◆ Data to use
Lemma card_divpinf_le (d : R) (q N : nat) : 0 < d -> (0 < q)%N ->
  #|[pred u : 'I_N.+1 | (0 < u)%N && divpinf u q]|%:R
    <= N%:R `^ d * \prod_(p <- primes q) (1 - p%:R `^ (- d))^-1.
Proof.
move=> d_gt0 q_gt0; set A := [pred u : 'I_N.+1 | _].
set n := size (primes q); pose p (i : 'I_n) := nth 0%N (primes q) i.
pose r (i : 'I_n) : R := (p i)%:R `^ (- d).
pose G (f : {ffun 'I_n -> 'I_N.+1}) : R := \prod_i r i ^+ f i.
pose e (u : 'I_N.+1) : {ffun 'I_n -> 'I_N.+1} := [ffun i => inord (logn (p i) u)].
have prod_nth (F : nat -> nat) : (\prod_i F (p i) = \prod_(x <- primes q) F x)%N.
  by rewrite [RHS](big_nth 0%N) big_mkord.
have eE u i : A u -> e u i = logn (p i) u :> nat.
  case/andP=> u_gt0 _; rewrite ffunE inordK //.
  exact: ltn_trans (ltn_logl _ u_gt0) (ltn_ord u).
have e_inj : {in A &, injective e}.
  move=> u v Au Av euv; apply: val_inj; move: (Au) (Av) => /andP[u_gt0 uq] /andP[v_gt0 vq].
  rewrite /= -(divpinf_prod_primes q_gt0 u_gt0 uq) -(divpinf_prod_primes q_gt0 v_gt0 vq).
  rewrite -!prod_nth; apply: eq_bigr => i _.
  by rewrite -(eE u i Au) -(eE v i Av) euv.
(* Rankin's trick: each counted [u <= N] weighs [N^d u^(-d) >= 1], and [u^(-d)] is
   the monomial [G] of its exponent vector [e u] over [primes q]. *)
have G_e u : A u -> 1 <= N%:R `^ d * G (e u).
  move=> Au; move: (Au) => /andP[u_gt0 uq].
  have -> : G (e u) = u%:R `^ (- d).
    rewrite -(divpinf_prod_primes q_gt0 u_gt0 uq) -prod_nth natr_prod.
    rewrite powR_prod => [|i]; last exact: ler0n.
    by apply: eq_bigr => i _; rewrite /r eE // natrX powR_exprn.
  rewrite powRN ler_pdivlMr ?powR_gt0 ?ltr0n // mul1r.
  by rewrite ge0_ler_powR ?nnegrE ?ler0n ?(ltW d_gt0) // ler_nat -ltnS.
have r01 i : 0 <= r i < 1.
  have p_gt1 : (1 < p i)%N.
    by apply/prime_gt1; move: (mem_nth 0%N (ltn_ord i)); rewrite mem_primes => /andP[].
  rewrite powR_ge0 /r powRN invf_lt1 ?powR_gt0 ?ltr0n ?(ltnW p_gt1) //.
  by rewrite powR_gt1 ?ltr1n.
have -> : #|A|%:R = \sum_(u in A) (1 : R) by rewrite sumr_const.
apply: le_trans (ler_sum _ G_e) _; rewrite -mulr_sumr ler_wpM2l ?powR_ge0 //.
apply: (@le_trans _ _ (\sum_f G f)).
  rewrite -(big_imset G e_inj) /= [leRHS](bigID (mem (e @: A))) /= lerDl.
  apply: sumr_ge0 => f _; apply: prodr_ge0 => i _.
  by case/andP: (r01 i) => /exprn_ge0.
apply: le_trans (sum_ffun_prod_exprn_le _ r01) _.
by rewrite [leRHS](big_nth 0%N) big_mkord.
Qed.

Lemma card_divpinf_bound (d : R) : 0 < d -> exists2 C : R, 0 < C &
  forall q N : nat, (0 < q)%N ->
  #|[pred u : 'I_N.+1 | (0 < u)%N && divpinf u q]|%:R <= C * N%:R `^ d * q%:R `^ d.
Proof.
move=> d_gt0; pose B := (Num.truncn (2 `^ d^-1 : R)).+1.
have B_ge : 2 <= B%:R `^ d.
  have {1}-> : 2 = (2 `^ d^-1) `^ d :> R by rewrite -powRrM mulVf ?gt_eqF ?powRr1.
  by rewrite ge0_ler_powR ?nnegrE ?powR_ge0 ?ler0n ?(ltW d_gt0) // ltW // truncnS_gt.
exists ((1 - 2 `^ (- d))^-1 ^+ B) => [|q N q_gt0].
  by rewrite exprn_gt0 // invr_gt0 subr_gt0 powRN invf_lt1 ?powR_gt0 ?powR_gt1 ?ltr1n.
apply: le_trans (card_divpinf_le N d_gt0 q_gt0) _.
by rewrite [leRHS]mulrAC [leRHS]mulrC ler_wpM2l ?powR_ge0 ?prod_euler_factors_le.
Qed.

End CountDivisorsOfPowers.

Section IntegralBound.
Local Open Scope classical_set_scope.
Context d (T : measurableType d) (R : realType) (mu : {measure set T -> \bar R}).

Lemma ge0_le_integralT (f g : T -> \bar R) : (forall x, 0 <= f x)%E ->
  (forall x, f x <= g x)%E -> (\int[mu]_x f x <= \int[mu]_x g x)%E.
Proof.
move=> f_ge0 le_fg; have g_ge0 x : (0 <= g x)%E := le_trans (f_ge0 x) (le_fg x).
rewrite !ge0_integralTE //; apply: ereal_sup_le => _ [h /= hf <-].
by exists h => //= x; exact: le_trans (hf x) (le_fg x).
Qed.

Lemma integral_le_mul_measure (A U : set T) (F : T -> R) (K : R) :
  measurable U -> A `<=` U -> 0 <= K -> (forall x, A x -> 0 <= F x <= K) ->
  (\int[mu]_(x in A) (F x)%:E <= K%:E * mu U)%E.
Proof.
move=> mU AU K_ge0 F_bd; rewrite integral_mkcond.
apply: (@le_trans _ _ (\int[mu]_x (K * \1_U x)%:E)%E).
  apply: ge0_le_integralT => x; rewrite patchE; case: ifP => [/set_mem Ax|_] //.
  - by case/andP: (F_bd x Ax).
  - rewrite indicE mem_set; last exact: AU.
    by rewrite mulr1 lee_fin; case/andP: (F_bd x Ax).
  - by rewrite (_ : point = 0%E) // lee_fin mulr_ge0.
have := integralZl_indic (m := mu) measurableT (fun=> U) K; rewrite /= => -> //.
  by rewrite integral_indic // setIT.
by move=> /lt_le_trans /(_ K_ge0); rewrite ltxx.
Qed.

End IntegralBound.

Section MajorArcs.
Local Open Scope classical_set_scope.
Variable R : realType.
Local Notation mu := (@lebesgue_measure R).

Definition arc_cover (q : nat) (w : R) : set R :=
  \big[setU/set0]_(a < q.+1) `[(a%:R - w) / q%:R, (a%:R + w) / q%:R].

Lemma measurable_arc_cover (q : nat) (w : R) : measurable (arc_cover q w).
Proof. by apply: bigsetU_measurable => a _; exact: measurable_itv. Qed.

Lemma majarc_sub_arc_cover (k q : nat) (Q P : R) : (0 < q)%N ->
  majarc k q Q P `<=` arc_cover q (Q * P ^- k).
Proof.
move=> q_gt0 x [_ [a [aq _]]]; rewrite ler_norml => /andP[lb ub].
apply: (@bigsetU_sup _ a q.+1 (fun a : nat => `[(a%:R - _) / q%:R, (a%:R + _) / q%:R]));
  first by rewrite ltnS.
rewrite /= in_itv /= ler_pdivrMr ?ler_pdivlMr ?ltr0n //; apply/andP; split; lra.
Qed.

◆ Aim of the exercise
Find the line with "exact: ltn_trans (ltn_logl" in the material above. Reproduce it and each line after it up to and including the line with "apply: (@le_trans _ _ (\sum_f G f)).".

◆ Expected answer
  exact: ltn_trans (ltn_logl _ u_gt0) (ltn_ord u).
have e_inj : {in A &, injective e}.
  move=> u v Au Av euv; apply: val_inj; move: (Au) (Av) => /andP[u_gt0 uq] /andP[v_gt0 vq].
  rewrite /= -(divpinf_prod_primes q_gt0 u_gt0 uq) -(divpinf_prod_primes q_gt0 v_gt0 vq).
  rewrite -!prod_nth; apply: eq_bigr => i _.
  by rewrite -(eE u i Au) -(eE v i Av) euv.
(* Rankin's trick: each counted [u <= N] weighs [N^d u^(-d) >= 1], and [u^(-d)] is
   the monomial [G] of its exponent vector [e u] over [primes q]. *)
have G_e u : A u -> 1 <= N%:R `^ d * G (e u).
  move=> Au; move: (Au) => /andP[u_gt0 uq].
  have -> : G (e u) = u%:R `^ (- d).
    rewrite -(divpinf_prod_primes q_gt0 u_gt0 uq) -prod_nth natr_prod.
    rewrite powR_prod => [|i]; last exact: ler0n.
    by apply: eq_bigr => i _; rewrite /r eE // natrX powR_exprn.
  rewrite powRN ler_pdivlMr ?powR_gt0 ?ltr0n // mul1r.
  by rewrite ge0_ler_powR ?nnegrE ?ler0n ?(ltW d_gt0) // ler_nat -ltnS.
have r01 i : 0 <= r i < 1.
  have p_gt1 : (1 < p i)%N.
    by apply/prime_gt1; move: (mem_nth 0%N (ltn_ord i)); rewrite mem_primes => /andP[].
  rewrite powR_ge0 /r powRN invf_lt1 ?powR_gt0 ?ltr0n ?(ltnW p_gt1) //.
  by rewrite powR_gt1 ?ltr1n.
have -> : #|A|%:R = \sum_(u in A) (1 : R) by rewrite sumr_const.
apply: le_trans (ler_sum _ G_e) _; rewrite -mulr_sumr ler_wpM2l ?powR_ge0 //.
apply: (@le_trans _ _ (\sum_f G f)).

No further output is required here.